The living Earth is tough on scales it is hard to credit. Life has watched continents crash together and tear themselves apart; skies glowing like bright coals; tropical seas frozen into stillness: it has endured. Slaked in radiation from nearby supernovae, pummeled by asteroids, it has barely faltered and never stopped. Our civilization may be — is — out of balance with its environment; current human ways of life are frighteningly precarious. But to read the fragility of our way of life onto life itself is foolish.The point of this article is staringly obvious to me, as a scientist, but I suspect it would be news to many people on the street. I wonder if there's enough cultural space to present this kind of argument. Because, like the author, I think it needs to be made.
In some sense, all misunderstanding is bad. Some misunderstandings are more consequential than others, but as a scientist I am committed to caring about understanding apart from consequence (although, not independent of it). Yet this very day, in an informed discussion of nuclear disarmament, I read a throwaway reference to the arsenals of America and Russia — incomparably larger than those of other nations — as being large enough to destroy the planet. This kind of talk may be time-honoured, and it may have some poetic or mythical grounding, but as a literal statement it is the purest nonsense. Do these people really want me to bore them with a description of what it would take to destroy life on earth, let alone the planet itself, in any meaningful sense?
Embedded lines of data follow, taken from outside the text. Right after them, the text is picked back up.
Lemma rcont_RtoC s : rcont (fun t => RtoC t) s.
Proof.
  intros e He. exists e. split; auto. intros t Ht.
  replace (RtoC t - RtoC s)%C with (RtoC (t - s)) by (unfold RtoC, Cminus, Cplus, Copp; simpl; f_equal; ring).
  rewrite Cmod_R. auto.
Qed.


Lemma Rdiv_pos_succ e a : 0 < e -> 0 <= a -> 0 < e / (a + 1).
Proof. intros. apply Rdiv_lt_0_compat; lra. Qed.

Lemma cder_increment_bound f z l : cder f z l ->
  cnear (fun k => Cmod (f (z + k)%C - f z)%C <= (Cmod l + 1) * Cmod k).
Proof.
  intros H. destruct (H 1 ltac:(lra)) as [d [Hd P]]. exists d. split; auto. intros k Hk.
  specialize (P k Hk). replace (f (z + k)%C - f z)%C with ((f (z + k)%C - f z - k * l) + k * l)%C by ring.
  eapply Rle_trans; [apply Cmod_triangle|]. rewrite Cmod_mult. nra.
Qed.

Lemma rder_increment_bound F s L : rder F s L ->
  rnear (fun h => Cmod (F (s + h)%R - F s)%C <= (Cmod L + 1) * Rabs h).
Proof.
  intros H. destruct (H 1 ltac:(lra)) as [d [Hd P]]. exists d. split; auto. intros k Hk.
  specialize (P k Hk).
  replace (F (s + k)%R - F s)%C with ((F (s + k)%R - F s - RtoC k * L) + RtoC k * L)%C by ring.
  eapply Rle_trans; [apply Cmod_triangle|]. rewrite Cmod_RtoC_mult. nra.
Qed.

Lemma cder_ext_near f g z l d : 0 < d -> (forall w, Cmod (w - z) < d -> f w = g w) -> cder f z l ->
  cder g z l.
Proof.
  intros Hd E H e He. destruct (H e He) as [d1 [H1 P]]. exists (Rmin d d1). split; [apply Rmin_pos; auto|].
  intros k Hk. rewrite <- !E. apply P. eapply Rlt_le_trans; [apply Hk|apply Rmin_r].
  replace (z - z)%C with (RtoC 0) by ring. rewrite Cmod_0. auto.
  replace (z + k - z)%C with k by ring. eapply Rlt_le_trans; [apply Hk|apply Rmin_l].
Qed.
Public discussion is becoming much better-informed on environmental issues and mechanisms: talk that used to be restricted to scientists and their groupies, in the Seventies and Eighties, has long gone mainstream. So aren't we in a position to call “Time” on the most lurid kind of disaster-talk?
5 comments:
Very interesting - thanks for the link. Anyone would think you read the NYT in preference to Australian papers.
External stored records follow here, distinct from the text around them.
(* Let $\bm A\in\mathbb R^{m\times n}$, let $\bm D\in\mathbb R^{n\times d}$ with $\bm D\bm D^\top=\bm I_n$, let $0<\alpha\le1$, $\lambda>0$, and let $\bm b=\bm A\bm x+\bm e$ with $\bm x\in\mathbb R^n$ and $\|\bm e\|_2\le\lambda$. Let $t$ be a positive integer and let $T\subseteq\{1,\dots,d\}$ be an index set of $t$ largest-magnitude entries of $\bm D^\top\bm x$. Let $\hat{\bm x}$ be a minimizer of $$\min_{\bm x\in\mathbb R^n}\ \lambda\big(\|\bm D^\top\bm x\|_1-\alpha\|\bm D^\top\bm x\|_2\big)+\tfrac12\|\bm A\bm x-\bm b\|_2^2,$$ and set $\bm h=\hat{\bm x}-\bm x$. Then $$\|\bm A\bm h\|_2^2+2\lambda\|\bm D_{T^c}^\top\bm h\|_1\le2\lambda\big(\|\bm D_T^\top\bm h\|_1+\alpha\|\bm D^\top\bm h\|_2+2\|\bm D_{T^c}^\top\bm x\|_1+\|\bm A\bm h\|_2\big),$$ $$\|\bm A\bm h\|_2^2+2\lambda\big(\|\bm D_{T^c}^\top\bm h\|_1-\alpha\|\bm D_{T^c}^\top\bm h\|_2\big)\le2\lambda\big(\|\bm D_T^\top\bm h\|_1+2\|\bm D_{T^c}^\top\bm x\|_1+\alpha\|\bm D_T^\top\bm h\|_2+\|\bm A\bm h\|_2\big),$$ $$\|\bm D_{T^c}^\top\bm h\|_1\le\|\bm D_T^\top\bm h\|_1+2\|\bm D_{T^c}^\top\bm x\|_1+\alpha\|\bm D^\top\bm h\|_2+\|\bm A\bm h\|_2,$$ and $$\|\bm A\bm h\|_2^2\le2\lambda\big(\|\bm D_T^\top\bm h\|_1+2\|\bm D_{T^c}^\top\bm x\|_1+\alpha\|\bm D^\top\bm h\|_2+\|\bm A\bm h\|_2\big).$$
   Context: For an index set $S\subseteq\{1,\dots,d\}$, $S^c$ is its complement in $\{1,\dots,d\}$ and $\bm D_S$ denotes the matrix $\bm D$ with all columns not indexed by $S$ set to zero; thus $\bm D_S^\top\bm h$ is the vector $\bm D^\top\bm h$ with the entries outside $S$ set to zero. *)

From HB Require Import structures.
From mathcomp Require Import all_boot all_order all_algebra.
From mathcomp Require Import reals.
Set Implicit Arguments. Unset Strict Implicit. Unset Printing Implicit Defensive.
Import Order.TTheory GRing.Theory Num.Theory.
Local Open Scope ring_scope.

Definition norm1 (R : realType) (k : nat) (v : 'cV[R]_k) : R :=
  \sum_(i < k) `|v i 0|.

Definition norm2 (R : realType) (k : nat) (v : 'cV[R]_k) : R :=
  Num.sqrt (\sum_(i < k) (v i 0) ^+ 2).

(* restrict S v : entries of v outside S set to zero; so
   restrict S (D^T *m h) = D_S^T h. *)
Definition restrict (R : realType) (k : nat) (S : {set 'I_k}) (v : 'cV[R]_k)
  : 'cV[R]_k := \col_i (if i \in S then v i 0 else 0).

Definition objective (R : realType) (m n d : nat) (A : 'M[R]_(m, n))
  (D : 'M[R]_(n, d)) (alpha lambda : R) (b : 'cV[R]_m) (z : 'cV[R]_n) : R :=
  lambda * (norm1 (D^T *m z) - alpha * norm2 (D^T *m z))
  + 2^-1 * (norm2 (A *m z - b)) ^+ 2.

Definition largest_entries (R : realType) (k : nat) (t : nat)
  (T : {set 'I_k}) (v : 'cV[R]_k) : Prop :=
  #|T| = t /\ forall i j, i \in T -> j \notin T -> `|v j 0| <= `|v i 0|.

From HB Require Import structures.
From mathcomp Require Import all_boot all_order all_algebra.
From mathcomp Require Import reals ring lra.
Set Implicit Arguments. Unset Strict Implicit. Unset Printing Implicit Defensive.
Import Order.TTheory GRing.Theory Num.Theory.
Local Open Scope ring_scope.

(* Compare the objective at xhat = x + h with its value at x.  Expanding
   ||A h - e||^2 leaves 1/2 ||A h||^2 <= <A h, e> + lambda (||D^T x||_1 -
   ||D^T x + D^T h||_1) + lambda alpha (||D^T x + D^T h||_2 - ||D^T x||_2).
   The inner product is at most lambda ||A h|| by Cauchy-Schwarz, the l2 gap is
   at most ||D^T h||_2 by the triangle inequality, and the l1 gap is at most
   ||D_T^T h||_1 + 2 ||D_{T^c}^T x||_1 - ||D_{T^c}^T h||_1 entrywise.  All four
   claims are rearrangements of the resulting inequality; neither D D^T = I nor
   the choice of T as the largest entries is needed. *)

Lemma lagrange_identity (R : comPzRingType) (k : nat) (u v : 'I_k -> R) :
  \sum_i \sum_j (u i * v j - u j * v i) ^+ 2
    = 2 * ((\sum_i u i ^+ 2) * (\sum_j v j ^+ 2)
           - (\sum_i u i * v i) * (\sum_j u j * v j)).
Proof.
pose c i j := u i ^+ 2 * v j ^+ 2 - u i * v i * (u j * v j).
have -> : \sum_i \sum_j (u i * v j - u j * v i) ^+ 2
          = \sum_i \sum_j c i j + \sum_i \sum_j c j i.
  rewrite -big_split; apply: eq_bigr => i _.
  by rewrite -big_split; apply: eq_bigr => j _; rewrite /c /=; ring.
rewrite [X in _ + X]exchange_big -mulr2n mulr_natl !mulr_suml -sumrB.
by congr (_ *+ 2); apply: eq_bigr => i _; rewrite !mulr_sumr -sumrB.
Qed.

Section Norms.
Variables (R : realType) (k : nat).
Implicit Types (u v : 'cV[R]_k) (T : {set 'I_k}).

Lemma norm1_ge0 u : 0 <= norm1 u.
Proof. exact: sumr_ge0. Qed.

Lemma norm2_ge0 u : 0 <= norm2 u.
Proof. exact: sqrtr_ge0. Qed.

Lemma sqr_norm2 u : norm2 u ^+ 2 = \sum_i u i 0 ^+ 2.
Proof. by rewrite sqr_sqrtr //; apply: sumr_ge0 => i _; exact: sqr_ge0. Qed.

Lemma norm2N u : norm2 (- u) = norm2 u.
Proof. by congr Num.sqrt; apply: eq_bigr => i _; rewrite mxE sqrrN. Qed.

Lemma sqr_norm2B u v :
  norm2 (u - v) ^+ 2 = norm2 u ^+ 2 - 2 * \sum_i u i 0 * v i 0 + norm2 v ^+ 2.
Proof.
rewrite !sqr_norm2 mulr_sumr -sumrB -big_split /=.
by apply: eq_bigr => i _; rewrite !mxE; ring.
Qed.

Lemma sqr_dot_le u v :
  (\sum_i u i 0 * v i 0) ^+ 2 <= norm2 u ^+ 2 * norm2 v ^+ 2.
Proof.
rewrite !sqr_norm2 expr2 -subr_ge0 -(pmulr_rge0 _ (ltr0n R 2)).
rewrite -(lagrange_identity (fun i => u i 0) (fun i => v i 0)).
by apply: sumr_ge0 => i _; apply: sumr_ge0 => j _; exact: sqr_ge0.
Qed.

Lemma dot_le_norm2 u v : \sum_i u i 0 * v i 0 <= norm2 u * norm2 v.
Proof.
apply: le_trans (ler_norm _) _.
rewrite -ler_sqr ?nnegrE ?mulr_ge0 ?norm2_ge0 // real_normK ?num_real //.
by rewrite exprMn sqr_dot_le.
Qed.

Lemma norm2D u v : norm2 (u + v) <= norm2 u + norm2 v.
Proof.
rewrite -ler_sqr ?nnegrE ?addr_ge0 ?norm2_ge0 //.
rewrite -[v]opprK sqr_norm2B norm2N opprK sqrrD.
have := dot_le_norm2 u v.
have -> : \sum_i u i 0 * (- v) i 0 = - \sum_i u i 0 * v i 0.
  by rewrite -sumrN; apply: eq_bigr => i _; rewrite mxE mulrN.
lra.
Qed.

Lemma restrict_splitC T v : v = restrict T v + restrict (~: T) v.
Proof.
apply/matrixP => i j; rewrite !mxE inE (ord1 j).
by case: (i \in T); rewrite ?addr0 ?add0r.
Qed.

Lemma norm1_gapD T u v :
  norm1 u - norm1 (u + v) <=
  norm1 (restrict T v) + 2 * norm1 (restrict (~: T) u) - norm1 (restrict (~: T) v).
Proof.
rewrite /norm1 mulr_sumr -!sumrB -big_split -sumrB /=.
apply: ler_sum => i _; rewrite !mxE inE.
have le_v := ler_normD (u i 0 + v i 0) (- u i 0).
have le_u := ler_normD (u i 0 + v i 0) (- v i 0).
rewrite normrN addrAC subrr add0r in le_v; rewrite normrN addrK in le_u.
by case: (i \in T); rewrite /= ?normr0; lra.
Qed.

End Norms.

Lemma objective_descent (R : realType) (m n d : nat) (A : 'M[R]_(m, n))
  (D : 'M[R]_(n, d)) (alpha lambda : R) (x h : 'cV[R]_n) (e : 'cV[R]_m)
  (T : {set 'I_d}) :
  0 <= alpha -> 0 <= lambda -> norm2 e <= lambda ->
  objective A D alpha lambda (A *m x + e) (x + h)
    <= objective A D alpha lambda (A *m x + e) x ->
  norm2 (A *m h) ^+ 2 <= 2 * lambda *
    (norm1 (restrict T (D^T *m h)) + 2 * norm1 (restrict (~: T) (D^T *m x))
     - norm1 (restrict (~: T) (D^T *m h)) + alpha * norm2 (D^T *m h)
     + norm2 (A *m h)).
Proof.
move=> alpha_ge0 lambda_ge0 le_e_lambda.
have res_x : A *m x - (A *m x + e) = - e by rewrite opprD addNKr.
have res_xh : A *m (x + h) - (A *m x + e) = A *m h - e.
  by rewrite mulmxDr opprD addrACA subrr add0r.
rewrite /objective res_x res_xh mulmxDr norm2N sqr_norm2B.
have dot_le := dot_le_norm2 (A *m h) e.
have dot_le_lambda : norm2 (A *m h) * norm2 e <= norm2 (A *m h) * lambda.
  by rewrite ler_wpM2l ?norm2_ge0.
have l1_gap := ler_wpM2l lambda_ge0 (norm1_gapD T (D^T *m x) (D^T *m h)).
have l2_gap := ler_wpM2l (mulr_ge0 lambda_ge0 alpha_ge0)
                         (norm2D (D^T *m x) (D^T *m h)).
lra.
Qed.

Theorem lemma2 (R : realType) (m n d : nat) (A : 'M[R]_(m, n))
  (D : 'M[R]_(n, d)) (alpha lambda : R) (x : 'cV[R]_n) (e b : 'cV[R]_m)
  (t : nat) (T : {set 'I_d}) (xhat : 'cV[R]_n) :
  D *m D^T = 1%:M ->
  0 < alpha -> alpha <= 1 -> 0 < lambda ->
  b = A *m x + e -> norm2 e <= lambda ->
  (0 < t)%N -> largest_entries t T (D^T *m x) ->
  (forall z : 'cV[R]_n, objective A D alpha lambda b xhat
                         <= objective A D alpha lambda b z) ->
  let h := xhat - x in
  let DTh := norm1 (restrict T (D^T *m h)) in
  let DTch := norm1 (restrict (~: T) (D^T *m h)) in
  let DTcx := norm1 (restrict (~: T) (D^T *m x)) in
  let Ah := norm2 (A *m h) in
  [/\ Ah ^+ 2 + 2 * lambda * DTch
        <= 2 * lambda * (DTh + alpha * norm2 (D^T *m h) + 2 * DTcx + Ah),
      Ah ^+ 2 + 2 * lambda * (DTch - alpha * norm2 (restrict (~: T) (D^T *m h)))
        <= 2 * lambda * (DTh + 2 * DTcx + alpha * norm2 (restrict T (D^T *m h)) + Ah),
      DTch <= DTh + 2 * DTcx + alpha * norm2 (D^T *m h) + Ah &
      Ah ^+ 2 <= 2 * lambda * (DTh + 2 * DTcx + alpha * norm2 (D^T *m h) + Ah)].
Proof.
move=> _ alpha_gt0 _ lambda_gt0 -> le_e_lambda _ _ xhat_opt h DTh DTch DTcx Ah.
have descent : Ah ^+ 2 <= 2 * lambda *
    (DTh + 2 * DTcx - DTch + alpha * norm2 (D^T *m h) + Ah).
  apply: objective_descent (ltW alpha_gt0) (ltW lambda_gt0) le_e_lambda _.
  by rewrite /h subrKC.
have lambda_DTch_ge0 : 0 <= lambda * DTch := mulr_ge0 (ltW lambda_gt0) (norm1_ge0 _).
have split_h := norm2D (restrict T (D^T *m h)) (restrict (~: T) (D^T *m h)).
rewrite -restrict_splitC in split_h.
have lambda_split := ler_wpM2l (mulr_ge0 (ltW lambda_gt0) (ltW alpha_gt0)) split_h.
split; try lra.
by rewrite -(ler_pM2l lambda_gt0); have := sqr_ge0 Ah; lra.
Qed.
What struck me about the article is how necessarily anthropocentric ecological thinking is. When we speak of "the environment", we mean our environment, as we have come to know it and as it is more or less friendly for us and for animals like us. The attempt to escape from or deny this, among at least some environmentalists, seems to me to be futile.
On further reflection, this is the sort of point that Mary Midgley is usually very good at making, but I am not aware of anywhere she has done so. Are you?
“Anyone would think you read the NYT in preference to Australian papers.”
Let's just say that I read the NYT and Australian papers in proportion to the quality of their articles.
As for Midgley: I find her very frustrating on environmental issues.
That attempts at permanent or wholesale escape from the human condition (or the human situation) are futile --- and, she would say, crazed --- is indeed a stock Midglean idea. (I agree entirely about ecological thought, BTW.) And she has a good line in criticism of drama-driven thinking: man against nature and so on.
But as to positive points, she mostly restricts herself to her bee-in-the-bonnet of advancing Lovelock's Gaia idea, and being snooty with its critics. Scientists do get intemperate with teleological “hypotheses”; and also with ideas that are either simply category mistakes (the planet as an organism) or metaphorical, for which “this is a proper theory and it makes predictions” claims are made. She criticises that irritation in the same tone she uses againt Spencerian evolution, or technological hubris; it's not at all clear they're comparable. And given her war against Dawkins' “selfish gene” talk, and other inconsistently applied metaphors, I don't see how she justifies it to herself.
Hmm. Does my disappointment show up in my tone?
Her enthusiasm for "the Gaia hypothesis" has always struck me as a bit contrarian, for the reasons you mention. It is disappointing and it does reduce the force of her critique of sloppy thinking re evolution.
Yes, I totally agree. I also think that the eradication of even all human life would probably be more difficult than is sometime suggested, however, this doesn't mean that we are immune from massive catastrophes involving the end of our civilisation and the deaths of billions.
So I think that there are actually multiple steps of greater precision possible and necessary in our discussion of the deleterious effects of particular patterns of human action.
First: destruction of the planet itself. Very, very difficult.
Second: destruction of all life. Very difficult.
Third: destruction of all human life. Difficult.
Fourth: destruction of our civiilisation. Possible.
Fifth: destruction of the present mode of our society (liberalism/globalisation/capitalism). Likely and probably overdue.
Thanks for visiting, Byron. My comments are in the thread at your blog.